黑、無盡的黑印刻在眼眸深處,除了身後的枝葉和周圍的人外,在看不清任何的東西,門扉外儼然是另一個世界,一個用黑色鑄起的世界。

老三在前頭有條不紊的走著,時不時回頭看看眾人,輕聲提醒,“諸位爺,還請跟緊了,這黑水陣是少尊主所創,屬下只記得怎麼按原路走出去,卻沒有辦法巡迴走丟的各位。

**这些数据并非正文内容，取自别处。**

Lemma hessian_change_flex_image u v al b g d zp :
  (3 : F) != 0 -> u ^+ 3 != 27 -> al != 0 -> zp ^+ 3 = 1 ->
  weier_change (hessian_weier u) (hessian_weier v) al b g d ->
  hessian_related u v \/
  (exists w, w ^+ 2 + w + 1 = 0) /\
  3 * (al ^+ 2 * (zp * v + 3 * zp ^+ 2) + b) + u ^+ 2 = 0.
Proof.
move=> h3 hu al0 hzp H.
have := hessian_flexP h3 hu (flex_tangent_change H (hessian_flex_tangent v hzp)).
case=> [[z hz [hx [[hm hy] | [hm hy]]]] | ]; [left | left | by right].
  exact: hessian_related_of_flex_match h3 hu al0 hzp hz H hm hx hy.
have opp0 : (-1 : F) != 0 by rewrite oppr_eq0 oner_eq0.
apply: (hessian_related_of_flex_match h3 hu _ hzp hz
          (weier_change_comp opp0 (weier_change_opp _) H)) => /=.
- by rewrite mulN1r oppr_eq0.
- by transitivity (- (al * (3 * zp) + g) - u); [ring | rewrite hm; ring].
- by rewrite -hx; ring.
- transitivity (- (al ^+ 3 * 0 + al ^+ 2 * g * (zp * v + 3 * zp ^+ 2) + d)
                - u * (al ^+ 2 * (zp * v + 3 * zp ^+ 2) + b) - 9); first by ring.
  by rewrite hy; ring.
Qed.

Lemma hessian_flex_x_cyclo3 v w :
  (3 : F) != 0 -> w ^+ 2 + w + 1 = 0 ->
  v + 3 = w * v + 3 * w ^+ 2 -> v + 3 = w ^+ 2 * v + 3 * (w ^+ 2) ^+ 2 -> False.
Proof.
move=> h3 hw e1 e2; have hw3 := cyclo3_cube1 hw.
have x_eq r : r ^+ 3 = 1 -> r != 1 -> v + 3 = r * v + 3 * r ^+ 2 -> v = 3 * r ^+ 2.
  move=> hr r1 e.
  have : (r - 1) * (v - 3 * r ^+ 2) = 0 by rewrite -[RHS](subrr (v + 3)) {1}e; ring: hr.
  by move/eqP; rewrite mulf_eq0 !subr_eq0 (negbTE r1) => /eqP.
have w1 := cyclo3_neq1 h3 hw.
have w21 : w ^+ 2 != 1 by apply: contra_neq w1 => h; rewrite -hw3 exprS h mulr1.
have hv1 := x_eq w hw3 w1 e1.
have hv2 := x_eq (w ^+ 2) (cube1_sqr hw3) w21 e2.
have : 3 * w * (w - 1) = 0 by rewrite -[RHS](subrr v) {1}hv1 hv2; ring: hw3.
move/eqP; rewrite !mulf_eq0 subr_eq0 (negbTE h3) (negbTE w1) orbF.
exact/negP/cube1_neq0.
Qed.

Lemma hessian_iso_related u v :
  (3 : F) != 0 -> u ^+ 3 != 27 -> hessian_iso u v -> hessian_related u v.
Proof.
move=> h3 hu [al [b [g [d [al0 H]]]]].
have image zp (hzp : zp ^+ 3 = 1) := hessian_change_flex_image h3 hu al0 hzp H.
have x_inj zp zq : 3 * (al ^+ 2 * zp + b) + u ^+ 2 = 0 ->
    3 * (al ^+ 2 * zq + b) + u ^+ 2 = 0 -> zp = zq.
  move=> ep eq; apply: (mulfI (mulf_neq0 h3 (expf_neq0 2 al0))).
  transitivity (3 * (al ^+ 2 * zp + b) + u ^+ 2 - (3 * b + u ^+ 2)); first by ring.
  by rewrite ep -eq; ring.
case: (image 1 (expr1n _ 3)) => [// | [[w hw] x1]]; have hw3 := cyclo3_cube1 hw.
case: (image w hw3) => [// | [_ xw]].
case: (image (w ^+ 2) (cube1_sqr hw3)) => [// | [_ xw2]].
rewrite mul1r expr1n mulr1 in x1.
by have := hessian_flex_x_cyclo3 h3 hw (x_inj _ _ x1 xw) (x_inj _ _ x1 xw2).
Qed.
Lemma box_descent_dir (u : 'cV[R]_m) :
  (\rank (col_mx K (lp_active_mx u)) < m)%N ->
  exists d : 'cV[R]_m,
    [/\ d != 0, K *m d = 0, forall i, ~~ fracS u i -> d i 0 = 0 & cost d <= 0].
Proof.
case/kermx_nonzero => d dn0; rewrite mul_col_mx -col_mx0 => /eq_col_mx[Kd Ad].
have dfrac := proj1 (lp_active_mul_eq0 u d) Ad.
have [cd|cd] := lerP (cost d) 0; first by exists d.
exists (- d); split=> [||i /dfrac di|].
- by rewrite oppr_eq0.
- by rewrite mulmxN Kd oppr0.
- by rewrite mxE di oppr0.
- by rewrite mulmxN mxE oppr_le0 ltW.
Qed.

(* The ratio test: walk along d until a first fractional coordinate hits a bound. *)
Lemma box_ratio_test (u d : 'cV[R]_m) :
  box_feasible u -> d != 0 -> K *m d = 0 -> (forall i, ~~ fracS u i -> d i 0 = 0) ->
  exists2 t, 0 <= t & box_feasible (u + t *: d) /\
    (#|[set i | fracS (u + t *: d) i]| < #|[set i | fracS u i]|)%N.
Proof.
move=> [u01 Ku] dn0 Kd dfrac.
have [j0 dj0] : exists j0, d j0 0 != 0.
  apply/existsP; apply: contraNT dn0 => /existsPn dz.
  by apply/eqP/matrixP => i l; rewrite (ord1 l) mxE; exact/eqP/negPn/dz.
pose step i := if 0 < d i 0 then (1 - u i 0) / d i 0 else - u i 0 / d i 0.
have step_ge0 i : 0 <= step i.
  have /andP[u0 u1] := u01 i; rewrite /step; case: ifPn => [dpos|].
    by apply: divr_ge0; [rewrite subr_ge0 | exact: ltW].
  by rewrite -leNgt => dneg; rewrite mulr_le0 ?oppr_le0 ?invr_le0.
case: (@arg_minP _ _ _ j0 (fun i => d i 0 != 0) step dj0) => j dj jmin; set t := step j.
have t0 : 0 <= t := step_ge0 j.
have uE i : (u + t *: d) i 0 = u i 0 + t * d i 0 by rewrite !mxE.
exists t => //; split.
  split; last by rewrite mulmxDr -scalemxAr Kd scaler0 addr0.
  move=> i; rewrite uE; have /andP[u0 u1] := u01 i.
  have [->|di] := eqVneq (d i 0) 0; first by rewrite mulr0 addr0 u0 u1.
  have : t <= step i := jmin i di; rewrite /step; case: ifPn => [dpos|dneg].
    by rewrite ler_pdivlMr // => tdi; apply/andP; split; nra.
  have dlt : d i 0 < 0 by rewrite lt_neqAle di leNgt.
  by rewrite ler_ndivlMr // => tdi; apply/andP; split; nra.
rewrite proper_card //; apply/properP; split.
  apply/fintype.subsetP => i; rewrite !inE; apply: contraLR => /[dup] nfi /dfrac di.
  by rewrite /fracS uE di mulr0 addr0.
exists j; rewrite inE; first by apply: contraR dj => /dfrac ->.
rewrite /fracS uE /t /step; case: ifP => dpos.
  by rewrite divfK // addrC subrK eqxx andbF.
by rewrite divfK // addrN eqxx.
Qed.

”

黑水陣,這名字倒是和周圍的環境十分的貼切,彥霖瞟了瞟四周,往眾人的中間靠了靠。

他對唐淼這位少尊主知曉的不多,聽來的大都是江湖傳聞,只說這位少尊主比之他師傅陰庭更加的離經叛道、不按常理出牌。

想想之前他被喂下的辣串,他的腹部又是一陣的絞痛,這裡所有人,怕只有他跟唐淼最為不熟,他想著,不由超過了姬若離,緊緊的貼在靳方言的身後。

“呵,這小鬼還真是到了那裡都喜歡擺個陣法!”靳方言感慨,之前唐淼直接上手改了他家門前的陣法,她對陣法的喜愛程度,會不會太過了一些?

“靳家主,唐淼不是喜歡擺陣法,只是喜歡捉弄他師傅。”

君非白搖了搖頭,左右這黑水陣裡只漆黑一團,沒什麼值得欣賞的光景,他又是陰庭這對師徒的至交,知道不少旁人不知道的事情,說一些他們師徒之間的軼事來大發時間,也算是個不錯的選擇。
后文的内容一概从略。